--- SUPPLIED MATERIAL Enclosed Below ---
Lemma cocricket_free_of : free_of e cocricket -> cocricket_free.
Proof.
move=> cfree a b c d z cd Eab Eac Ead Ebc Ebd /negbTE Ncd
  /negbTE Nza /negbTE Nzb /negbTE Nzc /negbTE Nzd.
have adj i j : e (map5 a b c d z i) (map5 a b c d z j) = cocricket i j.
  case: i j => [[|[|[|[|[|//]]]]] ?] [[|[|[|[|[|//]]]]] ?];
  rewrite /map5 /cocricket /rel_of_edges /= ?e_irr //;
  first [by rewrite ?Eab ?Eac ?Ead ?Ebc ?Ebd ?Ncd ?Nza ?Nzb ?Nzc ?Nzd
        |by rewrite e_sym ?Eab ?Eac ?Ead ?Ebc ?Ebd ?Ncd ?Nza ?Nzb ?Nzc ?Nzd].
apply: cfree; exists (map5 a b c d z); split => //.
apply: (pattern_injective adj).
case=> [[|[|[|[|[|//]]]]] ?] [[|[|[|[|[|//]]]]] ?] //= ij rows.
all: move: (rows (inord 0)) (rows (inord 1)) (rows (inord 2)).
all: move: (rows (inord 3)) (rows (inord 4)).
all: by rewrite /cocricket /rel_of_edges /= ?inordK // eq_sym.
Qed.

Definition diamond_free (S : {set T}) : Prop := forall a b c d,
  a \in S -> b \in S -> c \in S -> d \in S -> c != d ->
  e a b -> e a c -> e a d -> e b c -> e b d -> e c d.

Lemma diamond_free_sub (S S' : {set T}) :
  S' \subset S -> diamond_free S -> diamond_free S'.
Proof.
by move=> /subsetP sS dS a b c d /sS aS /sS bS /sS cS /sS dS'; apply: dS.
Qed.

Lemma diamond_free_anticomplete (S : {set T}) z :
  cocricket_free -> {in S, forall y, ~~ e z y} -> diamond_free S.
Proof.
move=> cfree zS a b c d aS bS cS dS cd ab ac ad bc bd; apply/negPn/negP => ncd.
by apply: (cfree a b c d z); rewrite ?zS.
Qed.
(* Let $\bar d\ge1$, fix an index $*\in\{1,\dots,\bar d\}$, and for $\mathbf{c},\mathbf{r}\in[0,1]^{\bar d}$ define $h^C_{\mathbf{c},\mathbf{r}},h^S_{\mathbf{c},\mathbf{r}}:[0,1]^{\bar d}\to[0,1]$ by $h^C_{\mathbf{c},\mathbf{r}}(\mathbf{p})=1$ and $h^S_{\mathbf{c},\mathbf{r}}(\mathbf{p})=p_*$ if $c_i\le p_i<c_i+r_i$ for all $i$, and $h^C_{\mathbf{c},\mathbf{r}}(\mathbf{p})=h^S_{\mathbf{c},\mathbf{r}}(\mathbf{p})=0$ otherwise. Let $\mathcal{H}^C=\{h^C_{\mathbf{c},\mathbf{r}}\}$ and $\mathcal{H}^S=\{h^S_{\mathbf{c},\mathbf{r}}\}$ over all $\mathbf{c},\mathbf{r}$. Then $\operatorname{vc}(\mathcal{H}^S)\le 2\bar d$ and $\operatorname{vc}(\mathcal{H}^C)\le 2\bar d$.
   Context: A countable set $I\subseteq[0,1]^{\bar d}$ is pseudo-shattered by a function class $\mathcal{H}$ if there is a function $g:I\to\mathbb{R}$ such that for every $J\subseteq I$ there is $h_J\in\mathcal{H}$ with $h_J(\mathbf{x})\le g(\mathbf{x})$ for $\mathbf{x}\in J$ and $h_J(\mathbf{x})>g(\mathbf{x})$ for $\mathbf{x}\in I\setminus J$. The pseudo-dimension $\operatorname{vc}(\mathcal{H})$ is the supremum of $|I|$ over sets $I$ pseudo-shattered by $\mathcal{H}$. *)

From HB Require Import structures.
From mathcomp Require Import all_boot all_order all_algebra.
From mathcomp Require Import boolp classical_sets cardinality reals.
Set Implicit Arguments. Unset Strict Implicit. Unset Printing Implicit Defensive.
Import Order.TTheory GRing.Theory Num.Theory.
Local Open Scope classical_set_scope.
Local Open Scope ring_scope.

Section Defs.
Variable R : realType.
Variable d : nat.

Definition pt := 'rV[R]_d.

Definition unit_cube : set pt := [set p | forall i, 0 <= p ord0 i <= 1].

Definition in_box (c r p : pt) : bool :=
  [forall i, (c ord0 i <= p ord0 i) && (p ord0 i < c ord0 i + r ord0 i)].

Definition hC (c r : pt) : pt -> R := fun p => if in_box c r p then 1 else 0.
Definition hS (star : 'I_d) (c r : pt) : pt -> R :=
  fun p => if in_box c r p then p ord0 star else 0.

Definition HC : set (pt -> R) :=
  [set h | exists c r, unit_cube c /\ unit_cube r /\ h = hC c r].
Definition HS (star : 'I_d) : set (pt -> R) :=
  [set h | exists c r, unit_cube c /\ unit_cube r /\ h = hS star c r].

Definition pseudo_shattered (H : set (pt -> R)) (I : set pt) : Prop :=
  exists g : pt -> R, forall J, J `<=` I ->
    exists2 h, H h & (forall x, J x -> h x <= g x) /\
                     (forall x, (I `\` J) x -> g x < h x).

Definition pseudo_dim_le (H : set (pt -> R)) (n : nat) : Prop :=
  forall I : set pt, I `<=` unit_cube -> countable I -> pseudo_shattered H I ->
    exists s : seq pt, [/\ uniq s, I = [set x | x \in s] & (size s <= n)%N].
End Defs.

From mathcomp Require Import all_boot all_order all_algebra.
From mathcomp Require Import finmap boolp classical_sets cardinality reals.

(* Both classes consist of functions equal to a fixed nonnegative [v] on a
   half-open box and to [0] outside.  A witness [g] of pseudo-shattering must
   satisfy [0 <= g < v] on the shattered set (take J = I and J = empty).  Among
   finitely many shattered points, the at most 2d points minimising or
   maximising some coordinate span them: every box containing these points
   contains all of them.  The function realising the complement J of these
   points exceeds [g >= 0] on them, so its box contains them, hence every
   point; it then equals [v > g] on J, so J has no point left. *)

Set Implicit Arguments. Unset Strict Implicit. Unset Printing Implicit Defensive.
Import Order.TTheory GRing.Theory Num.Theory.
Local Open Scope classical_set_scope.
Local Open Scope ring_scope.

Lemma set_enum_of_bounded_uniq (T : choiceType) (A : set T) (n : nat) :
  (forall s : seq T, uniq s -> [set` s] `<=` A -> (size s <= n)%N) ->
  exists s : seq T, [/\ uniq s, A = [set` s] & (size s <= n)%N].
Proof.
move=> size_le.
have /finite_seqP [s A_s] : finite_set A.
  apply: contrapT => /(infinite_set_fset n.+1) [B BA].
  by rewrite ltnNge size_le // fset_uniq.
have eq_undup : [set` undup s] = [set` s].
  by apply/seteqP; split => x /=; rewrite mem_undup.
exists (undup s); rewrite A_s eq_undup undup_uniq; split => //.
by rewrite size_le ?undup_uniq // A_s eq_undup.
Qed.

Lemma seq_argmin (T : eqType) disp (X : orderType disp) (f : T -> X)
    (x : T) (s : seq T) :
  exists2 a, a \in x :: s & forall y, y \in x :: s -> (f a <= f y)%O.
Proof.
elim: s x => [|z s IHs] x.
  by exists x => [|y]; rewrite ?inE // => /eqP ->.
have [a a_in a_min] := IHs z.
have [fxa | fax] := leP (f x) (f a).
- exists x => [|y]; first by rewrite inE eqxx.
  by rewrite inE => /predU1P [-> // | /a_min]; apply: le_trans.
- exists a => [|y]; first by rewrite inE a_in orbT.
  by rewrite inE => /predU1P [-> | /a_min //]; apply: ltW.
Qed.

Section Boxes.
Variables (R : realType) (d : nat).

Lemma box_hull_subseq (s : seq (pt R d)) :
  exists2 K : seq (pt R d), (size K <= 2 * d)%N /\ {subset K <= s} &
    forall c r, all (in_box c r) K -> all (in_box c r) s.
Proof.
case: s => [|y s]; first by exists [::].
have /fin_all_exists [lo lo_min] : forall i : 'I_d, exists a,
    a \in y :: s /\ forall x, x \in y :: s -> a ord0 i <= x ord0 i.
  by move=> i; have [a ? ?] := seq_argmin (fun p : pt R d => p ord0 i) y s; exists a.
have /fin_all_exists [hi hi_max] : forall i : 'I_d, exists a,
    a \in y :: s /\ forall x, x \in y :: s -> x ord0 i <= a ord0 i.
  move=> i; have [a ? a_max] := seq_argmin (fun p : pt R d => - p ord0 i) y s.
  by exists a; split => // x /a_max; rewrite lerN2.
exists (map lo (enum 'I_d) ++ map hi (enum 'I_d)).
  split; first by rewrite size_cat !size_map -enumT size_enum_ord addnn -mul2n.
  by move=> x; rewrite mem_cat => /orP [] /mapP [i _ ->];
    [exact: (lo_min i).1 | exact: (hi_max i).1].
move=> c r /allP K_in; apply/allP => x x_in; apply/forallP => i.
have /K_in /forallP /(_ i) /andP [c_lo _] : lo i \in map lo (enum 'I_d) ++ map hi (enum 'I_d).
  by rewrite mem_cat map_f ?mem_enum.
have /K_in /forallP /(_ i) /andP [_ hi_cr] : hi i \in map lo (enum 'I_d) ++ map hi (enum 'I_d).
  by rewrite mem_cat map_f ?mem_enum ?orbT.
rewrite (le_trans c_lo) ?(lo_min i).2 //.
exact: le_lt_trans ((hi_max i).2 x x_in) hi_cr.
Qed.

Definition masked_box (v : pt R d -> R) (c r : pt R d) : pt R d -> R :=
  fun p => if in_box c r p then v p else 0.

Section MaskedBoxClass.
Variables (v : pt R d -> R) (H : set (pt R d -> R)).
Hypothesis H_masked : forall h, H h -> exists c r, h = masked_box v c r.
Hypothesis v_ge0 : forall p, unit_cube p -> 0 <= v p.

Lemma masked_box_ge0 c r p : unit_cube p -> 0 <= masked_box v c r p.
Proof. by rewrite /masked_box; case: ifP => // _ /v_ge0. Qed.

Lemma masked_box_le c r p : unit_cube p -> masked_box v c r p <= v p.
Proof. by rewrite /masked_box; case: ifP => // _ /v_ge0. Qed.

Section Shattered.
Variables (I : set (pt R d)) (g : pt R d -> R).
Hypothesis I_cube : I `<=` @unit_cube R d.
Hypothesis g_shatters : forall J, J `<=` I ->
  exists2 h, H h & (forall x, J x -> h x <= g x) /\
                   (forall x, (I `\` J) x -> g x < h x).

Lemma shattering_witness_ge0 x : I x -> 0 <= g x.
Proof.
move=> Ix; have [h /H_masked [c [r ->]] [h_le _]] := g_shatters (@subset_refl _ I).
exact: le_trans (masked_box_ge0 c r (I_cube Ix)) (h_le x Ix).
Qed.

Lemma shattering_witness_lt x : I x -> g x < v x.
Proof.
move=> Ix; have [h /H_masked [c [r ->]] [_ h_gt]] := g_shatters (sub0set I).
exact: lt_le_trans (h_gt x (conj Ix id)) (masked_box_le c r (I_cube Ix)).
Qed.

Lemma shattered_uniq_size s : uniq s -> [set` s] `<=` I -> (size s <= 2 * d)%N.
Proof.
move=> s_uniq sI; have [K [K_size Ks] K_hull] := box_hull_subseq s.
have JI : [set x | I x /\ x \notin K] `<=` I by move=> x [].
have [h /H_masked [c [r ->]] [h_le h_gt]] := g_shatters JI.
have /K_hull /allP s_box : all (in_box c r) K.
  apply/allP => x xK; have Ix : I x by apply/sI/Ks.
  have := h_gt x (conj Ix (fun Jx => negP (proj2 Jx) xK)).
  by rewrite /masked_box; case: ifP => // _; rewrite ltNge shattering_witness_ge0.
have sK : {subset s <= K}.
  move=> x xs; apply/negPn/negP => xK; have Ix : I x by apply: sI.
  have := h_le x (conj Ix xK); rewrite /masked_box s_box //.
  by rewrite leNgt shattering_witness_lt.
exact: leq_trans (uniq_leq_size s_uniq sK) K_size.
Qed.

End Shattered.

Lemma masked_box_pseudo_dim_le : pseudo_dim_le H (2 * d)%N.
Proof.
move=> I I_cube _ [g g_shatters]; apply: set_enum_of_bounded_uniq => s s_uniq sI.
exact: (shattered_uniq_size I_cube g_shatters s_uniq sI).
Qed.

End MaskedBoxClass.
End Boxes.

Theorem lemmaA12 (R : realType) (d : nat) (hd : (0 < d)%N) (star : 'I_d) :
  @pseudo_dim_le R d (@HS R d star) (2 * d) /\ @pseudo_dim_le R d (@HC R d) (2 * d).
Proof.
split.
- apply: (@masked_box_pseudo_dim_le R d (fun p => p ord0 star)).
    by move=> h [c [r [_ [_ ->]]]]; exists c, r.
  by move=> p /(_ star) /andP [].
- apply: (@masked_box_pseudo_dim_le R d (fun _ => 1)) => // h.
  by move=> [c [r [_ [_ ->]]]]; exists c, r.
Qed.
--- End of Enclosed SUPPLIED MATERIAL ---
YOUR INSTRUCTIONS:
In the data above, find the line with "Section Boxes." and the line with "<= x ord0 i.". Retype both, plus every line between them, exactly.

YOUR SOLUTION:
Section Boxes.
Variables (R : realType) (d : nat).

Lemma box_hull_subseq (s : seq (pt R d)) :
  exists2 K : seq (pt R d), (size K <= 2 * d)%N /\ {subset K <= s} &
    forall c r, all (in_box c r) K -> all (in_box c r) s.
Proof.
case: s => [|y s]; first by exists [::].
have /fin_all_exists [lo lo_min] : forall i : 'I_d, exists a,
    a \in y :: s /\ forall x, x \in y :: s -> a ord0 i <= x ord0 i.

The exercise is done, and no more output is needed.